AI literacy should be role-specific
Many organisations will respond with generic AI training. That is a start, but it is not enough for boards and senior executives. A board literacy programme should be built around decisions the board actually makes. It should cover AI strategy, materiality thresholds, high-risk use cases, assurance expectations, regulatory reporting, third-party concentration, cyber exposures and incident escalation.
The NIST AI Risk Management Framework is useful here because it frames AI risk around governance, mapping, measurement and management. The value of that structure is not that Australian firms should simply import a United States framework. The value is that it gives boards a practical language for asking whether the organisation has understood context, measured risk, implemented controls and monitored outcomes. Those questions translate well into Australian GRC work.
The third-party problem
Third-party AI is likely to be the place where board literacy is most tested. Many organisations will not build frontier models. They will buy software, embed vendor copilots, connect enterprise data to external platforms and rely on cloud providers, model providers and specialist workflow tools. APRA's AI letter specifically points to third-party dependencies as a matter for board and senior management attention.
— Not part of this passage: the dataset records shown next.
Lemma integrable_quadform :
  mu.-integrable setT (EFin \o (fun w => quadform (\matrix_(j, k) F j k w) v)).
Proof.
rewrite /quadform; under eq_fun do under eq_bigr do under eq_bigr do rewrite mxE.
by do 2 apply: integrable_sum_EFin => ?.
Qed.

Lemma Rintegral_quadform :
  quadform (\matrix_(j, k) Rintegral mu setT (F j k)) v =
  Rintegral mu setT (fun w => quadform (\matrix_(j, k) F j k w) v).
Proof.
rewrite /quadform.
under [RHS]eq_Rintegral do under eq_bigr do under eq_bigr do rewrite mxE.
rewrite Rintegral_sum => [|j]; last exact: integrable_sum_EFin.
apply: eq_bigr => j _; rewrite Rintegral_sum //; apply: eq_bigr => k _.
rewrite mxE (RintegralZr _ (f := fun w => v j * F j k w)) //; last exact: integrableZl_EFin.
by rewrite RintegralZl.
Qed.

End quadform_integral.

Lemma integrable_logistic_weightMl (A g : T -> R) : measurable_fun setT A ->
  mu.-integrable setT (EFin \o g) ->
  mu.-integrable setT (EFin \o (fun w => logistic_weight (A w) * g w)).
Proof.
move=> mA ig; apply: (le_integrable_EFin _ ig) => [|w].
  apply: measurable_funM; first exact: measurableT_comp measurable_logistic_weight mA.
  by have /integrableP[/measurable_EFinP] := ig.
rewrite normrM ger0_norm ?logistic_weight_ge0 // ler_piMl //.
by apply: le_trans (logistic_weight_le _) _; lra.
Qed.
This creates a practical challenge. Traditional vendor due diligence often focuses on security questionnaires, service levels, financial viability and contractual terms. AI due diligence needs those controls, but it also needs questions about model behaviour, data retention, training use, explainability, evaluation, subcontractors, monitoring, incident notification and exit. Where an AI service supports critical operations, the control expectation should connect to operational resilience obligations, including CPS 230 arrangements for material service providers.
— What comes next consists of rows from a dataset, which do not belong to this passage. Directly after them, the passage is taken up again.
(* For every $\alpha \in (0,1)$ and every $A > 0$ there exists $C = C(\alpha, A)$ such that the following holds. Let $m \ge 4$ be an integer and let $b = (b_1,\ldots,b_m) \in \mathbb{R}^m$ satisfy $\|b\|_{1,\infty} \le 1$ and $\|b\|_1 \ge C (\log\log m)^2$. Then there exist a positive integer $l$ with $A \log\log m \le l \le \log m$ and a subset $I_1 \subseteq [m]$ such that the following holds: for every vector $\lambda = (\lambda_i)_{i \in I_1}$ with $\|\lambda\|_1 \le 1$ there exists a subset $I_2 \subseteq I_1$ such that, writing $n_1 := |I_1|$ and $n_2 := |I_2|$, (i) $2^{l/2} \le \frac{m}{n_1} \le \frac{m}{n_2} \le \big(\frac{m}{n_1}\big)^{1+\alpha}$; (ii) $|b_i| \ge \frac{1}{l n_1}$ for all $i \in I_1$, and $|b_i| \ge \frac{1}{l n_2}$ and $|b_i| \ge 2|\lambda_i|$ for all $i \in I_2$.
   Context: $[m] = \{1,\ldots,m\}$. For a finite sequence $a = (a_i)$, $(|a|^*_i)$ denotes the non-increasing rearrangement of $(|a_i|)$; the weak $\ell_1$ norm $\|a\|_{1,\infty}$ is the infimum of $M > 0$ such that $|a|^*_i \le M i^{-1}$ for all $i$. $\|a\|_1 = \sum_i |a_i|$. All logarithms are to base $2$. *)

From HB Require Import structures.
From mathcomp Require Import all_boot all_order all_algebra.
From mathcomp Require Import all_classical all_reals all_analysis.
Set Implicit Arguments. Unset Strict Implicit. Unset Printing Implicit Defensive.
Import Order.TTheory GRing.Theory Num.Theory.
Local Open Scope ring_scope.
Local Open Scope classical_set_scope.

Definition log2 {R : realType} (x : R) : R := ln x / ln 2.

Definition rearr {R : realType} {m : nat} (a : 'I_m -> R) : seq R :=
  sort (fun x y : R => y <= x) [seq `|a i| | i <- enum 'I_m].

(* |a|^*_i for i = 1..m  (1-based) *)
Definition rearr_at {R : realType} {m : nat} (a : 'I_m -> R) (i : nat) : R :=
  nth 0 (rearr a) i.-1.

Definition weak_l1_norm {R : realType} {m : nat} (a : 'I_m -> R) : R :=
  inf [set M : R | 0 < M /\ forall i : nat, (1 <= i <= m)%N ->
        rearr_at a i <= M / i%:R].

Definition l1_norm {R : realType} {m : nat} (a : 'I_m -> R) : R :=
  \sum_(i < m) `|a i|.

From HB Require Import structures.
From mathcomp Require Import all_boot all_order all_algebra.
From mathcomp Require Import all_classical all_reals all_analysis.
From mathcomp Require Import ring lra zify.
Set Implicit Arguments. Unset Strict Implicit. Unset Printing Implicit Defensive.
Import Order.TTheory GRing.Theory Num.Theory.
Local Open Scope ring_scope.

(* Let p = trunc(log m) and sort the indices into dyadic shells
   S_D = {i | 2^(D-p) < |b_i| <= 2^(D+1-p)}, D < p.  The weak-l1 bound gives each shell mass
   v_D = |S_D| 2^(D-p) at most 1, while |b|_1 <= 2 sum_D v_D + 2.  For a scale k, with
   l = N 2^k and alpha N >= 2, cut [N 2^k, 2 N 2^k) into N windows of 2^k consecutive shells.
   If some window has mass > 3, let D1 be its first shell with v_D1 >= 1/l and
   I1 = {i | |b_i| > 2^(D1-p)}.  Given lambda with l1 mass at most 1 on I1, the indices with
   |b_i| < 2 |lambda_i| carry at most mass 2 of the window, so some shell D >= D1 of the window
   keeps mass >= 1/l on the indices where |b_i| >= 2 |lambda_i|; these form I2.  Then
   m/n1 >= 2^D1 >= 2^l, and m/n2 <= (m/n1) l 2^(D-D1) <= (m/n1)^(1+alpha) because
   D - D1 < 2^k and alpha D1 >= 2^(k+1).  If instead every window of the O(log log m) scales
   between about log log m and log m has mass <= 3, the shells below p carry total mass
   O(log log m), contradicting |b|_1 >= C (log log m)^2. *)

Lemma card_set_count (T : finType) (P : pred T) :
  #|[set i | P i]| = count P (enum T).
Proof. by rewrite cardsE cardE size_filter -enumT. Qed.

Lemma sorted_nth_ge_count (R : realType) (s : seq R) (t : R) (k : nat) :
  sorted (fun x y : R => y <= x) s -> (0 < k)%N ->
  (k <= count (fun x : R => (t <= x)%R) s)%N -> t <= nth 0 s k.-1.
Proof.
move=> s_sorted k_gt0 k_le; rewrite leNgt; apply/negP => nth_lt.
have k_size : (k.-1 < size s)%N.
  by rewrite prednK // (leq_trans k_le (count_size _ _)).
have drop0 : count (fun x : R => t <= x) (drop k.-1 s) = 0%N.
  apply/eqP; rewrite -leqn0 leqNgt -has_count; apply/negP => /(has_nthP 0) [j].
  rewrite size_drop nth_drop => j_lt.
  have ge_trans : transitive (fun x y : R => y <= x).
    by move=> y x z xy yz; apply: le_trans yz xy.
  have := sorted_leq_nth ge_trans (@lexx _ _) 0 s_sorted.
  move=> /(_ k.-1 (k.-1 + j)%N); rewrite !inE k_size -ltn_subRL j_lt leq_addr.
  by move=> /(_ isT isT isT) le_nth /(le_trans)/(_ le_nth); rewrite leNgt nth_lt.
move: k_le; rewrite -(cat_take_drop k.-1 s) count_cat drop0 addn0.
move=> /leq_trans/(_ (count_size _ _)); rewrite size_take k_size.
by rewrite -ltnS prednK // ltnn.
Qed.

Lemma rearr_at_le_l1_norm (R : realType) (m : nat) (b : 'I_m -> R) i :
  rearr_at b i <= l1_norm b.
Proof.
rewrite /rearr_at; have [i_lt|i_ge] := ltnP i.-1 (size (rearr b)); last first.
  by rewrite nth_default // sumr_ge0.
have : nth 0 (rearr b) i.-1 \in rearr b by apply: mem_nth.
rewrite /rearr mem_sort => /mapP [j _ ->].
by rewrite /l1_norm (bigD1 j) //= lerDl sumr_ge0.
Qed.

Lemma weak_l1_rearr_at (R : realType) (m : nat) (b : 'I_m -> R) i :
  weak_l1_norm b <= 1 -> (1 <= i <= m)%N -> rearr_at b i * i%:R <= 1.
Proof.
move=> b_weak /andP [i_ge1 i_le].
have i_gt0 : (0 : R) < i%:R by rewrite ltr0n.
have S_inf : has_inf [set M : R | 0 < M /\ forall j : nat, (1 <= j <= m)%N ->
                        rearr_at b j <= M / j%:R]%classic.
  split; last by exists 0 => M [/ltW].
  exists ((1 + l1_norm b) * (m%:R + 1)); split.
    by rewrite mulr_gt0 // ltr_wpDr ?sumr_ge0.
  move=> j /andP [j_ge1 j_le]; have j_gt0 : (0 : R) < j%:R by rewrite ltr0n.
  apply: le_trans (rearr_at_le_l1_norm b j) _.
  rewrite ler_pdivlMr // ler_pM ?sumr_ge0 ?ler0n ?lerDr //.
  by rewrite (le_trans (y := m%:R)) ?ler_nat ?lerDl.
apply/ler_addgt0Pr => e e_gt0.
have [M [M_gt0 HM] M_lt] := inf_adherent e_gt0 S_inf.
have := HM i; rewrite i_ge1 i_le ler_pdivlMr // => /(_ isT) /le_trans; apply.
by apply/ltW/(lt_le_trans M_lt); rewrite lerD2r.
Qed.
For boards, the point is not to review every model card. The point is to insist that management has a defensible process for classifying vendor AI risk. A vendor tool that drafts internal meeting summaries is not the same as a vendor tool that recommends fraud flags, employment actions, claims triage outcomes or customer hardship responses. Board literacy should help directors detect when management has treated materially different use cases as if they were the same.
What GRC teams should build now
GRC teams can turn AI literacy into a control by creating artefacts that boards can use. The first artefact is an AI use-case register that identifies owner, business purpose, users, affected stakeholders, data categories, vendor dependencies, risk rating and assurance status. The second is a board reporting pack that summarises new material uses, exceptions, incidents, overdue controls and assurance outcomes. The third is a literacy and attestation process for executives accountable for material AI systems.
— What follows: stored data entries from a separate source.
(* Let $\mathbf B=(\mathbf b_1,\dots,\mathbf b_n)\in\mathbb Q^{d\times n}$ be a basis of a lattice $\mathcal{L}$, let $k\in[n]$ and $\alpha>\sqrt n$ be such that $\|\tilde{\mathbf b}_i\|\le\|\tilde{\mathbf b}_j\|/\alpha$ for all $i\le k<j$. If $\mathcal{L}'\subseteq\mathcal{L}$ is a primitive sublattice of rank $\ell\ge k$ with \[ \det(\mathcal{L}')<\Big(\frac{\alpha}{\sqrt{n\,\delta_{\ell,k}}}\prod_{i=1}^k\|\tilde{\mathbf b}_i\|\Big)^{\ell/k}, \] then $\mathbf b_1,\dots,\mathbf b_k\in\mathcal{L}'$.
   Context: Gram–Schmidt orthogonalization: $\tilde{\mathbf b}_1=\mathbf b_1$, $\tilde{\mathbf b}_i=\Pi_{\{\mathbf b_1,\dots,\mathbf b_{i-1}\}^\perp}(\mathbf b_i)$. A sublattice $\mathcal{M}\subseteq\mathcal{L}$ is primitive if $\mathcal{M}=\mathcal{L}\cap\mathrm{span}(\mathcal{M})$. Rankin's constant: for $1\le k\le m$, $\delta_{m,k}:=\sup_{\mathcal{M}}\min_{\mathcal{M}'\subseteq\mathcal{M},\ \mathrm{rank}(\mathcal{M}')=k}\det(\mathcal{M}')^2/\det(\mathcal{M})^{2k/m}$, the supremum over all lattices $\mathcal{M}$ of rank $m$ (so $\delta_{m,m}=1$). *)

From HB Require Import structures.
From mathcomp Require Import all_boot all_order all_algebra.
From mathcomp Require Import classical_sets reals exp.
Set Implicit Arguments. Unset Strict Implicit. Unset Printing Implicit Defensive.
Import Order.TTheory GRing.Theory Num.Theory.
Local Open Scope ring_scope.
Local Open Scope classical_set_scope.

(* Vectors of R^d are row vectors 'rV[R]_d; a family of n vectors is the
   matrix 'M[R]_(n,d) whose i-th row is the i-th vector. *)

Section Lattices.
Variable R : realType.

Definition dotv (d : nat) (u v : 'rV[R]_d) : R := (u *m v^T) 0 0.
Definition normv (d : nat) (u : 'rV[R]_d) : R := Num.sqrt (dotv u u).

Definition lat (n d : nat) (B : 'M[R]_(n, d)) : set 'rV[R]_d :=
  [set v | exists z : 'I_n -> int, v = \sum_(i < n) (z i)%:~R *: row i B].

Definition rspan (n d : nat) (B : 'M[R]_(n, d)) : set 'rV[R]_d :=
  [set v | exists c : 'I_n -> R, v = \sum_(i < n) c i *: row i B].

Definition detL (n d : nat) (B : 'M[R]_(n, d)) : R := Num.sqrt (\det (B *m B^T)).

(* Gram-Schmidt vector b~_i = projection of b_i onto {b_1,...,b_(i-1)}^perp :
   the (unique) w with b_i - w in span(b_j, j < i) and w orthogonal to
   every b_j, j < i. *)
Definition gso (n d : nat) (B : 'M[R]_(n, d)) (i : 'I_n) : 'rV[R]_d :=
  xget 0 [set w | (exists c : 'I_n -> R,
                      row i B - w = \sum_(j < n | (j < i)%N) c j *: row j B)
                  /\ (forall j : 'I_n, (j < i)%N -> dotv w (row j B) = 0)].

Definition rankin (m k : nat) : R :=
  sup [set x : R | exists (d : nat) (M : 'M[R]_(m, d)), row_free M /\
        x = inf [set y : R | exists C : 'M[R]_(k, d), row_free C /\
                   (forall i : 'I_k, lat M (row i C)) /\
                   y = detL C ^+ 2 / powR (detL M) (2 * k%:R / m%:R)]].

End Lattices.

(* Write a rank-k sublattice M of L' as M = Z B with Z an integer matrix.
   Unimodular row operations bring Z to echelon form; if the pivot columns are
   p_1, ..., p_k then det(M)^2 >= prod_r |b~_(p_r)|^2.  If some row of Z uses a
   column beyond k, some pivot lies beyond k and the Gram-Schmidt gap makes this
   product at least alpha^2 prod_(i <= k) |b~_i|^2.  By the definition of
   Rankin's constant and the bound on det(L'), L' has a rank-k sublattice M with
   det(M)^2 <= delta_(l,k) det(L')^(2k/l) < alpha^2 prod_(i <= k) |b~_i|^2, so
   M spans the same space as b_1, ..., b_k, and primitivity puts the b_i in L'. *)

From HB Require Import structures.
From mathcomp Require Import all_boot all_order all_algebra.
From mathcomp Require Import boolp reals exp.
From mathcomp Require Import zify ring.
Import Order.TTheory GRing.Theory Num.Theory.
Local Open Scope ring_scope.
These artefacts should be tested through internal audit or assurance. The question is not merely whether the register exists. The question is whether the register is complete, current and connected to actual procurement, technology, privacy, cyber and change-management processes. A stale spreadsheet is not a control. A living register that triggers review when a business unit connects sensitive data to a new AI tool is much closer to the standard regulators are signalling.
The best board AI literacy programmes will use scenarios. Scenario-based training reveals whether directors understand materiality, affected stakeholders, failure modes and assurance needs. A useful scenario might walk the board through a vendor copilot that quietly begins drafting customer hardship responses after a routine product update. Directors who can ask where that change was approved, what data the tool now touches, who tested it, and who accepted the residual risk are demonstrating exactly the literacy APRA is describing. Directors who accept the new capability without those questions are not.
The bottom line
AI literacy is becoming part of governance evidence. A board can delegate technical execution, but it cannot delegate the need to understand material risks well enough to oversee them. In 2026, the defensible position is not "our board received AI training". The defensible position is "our board understands how AI is used, how material uses are escalated, what risks sit outside appetite, and what assurance evidence supports management's position".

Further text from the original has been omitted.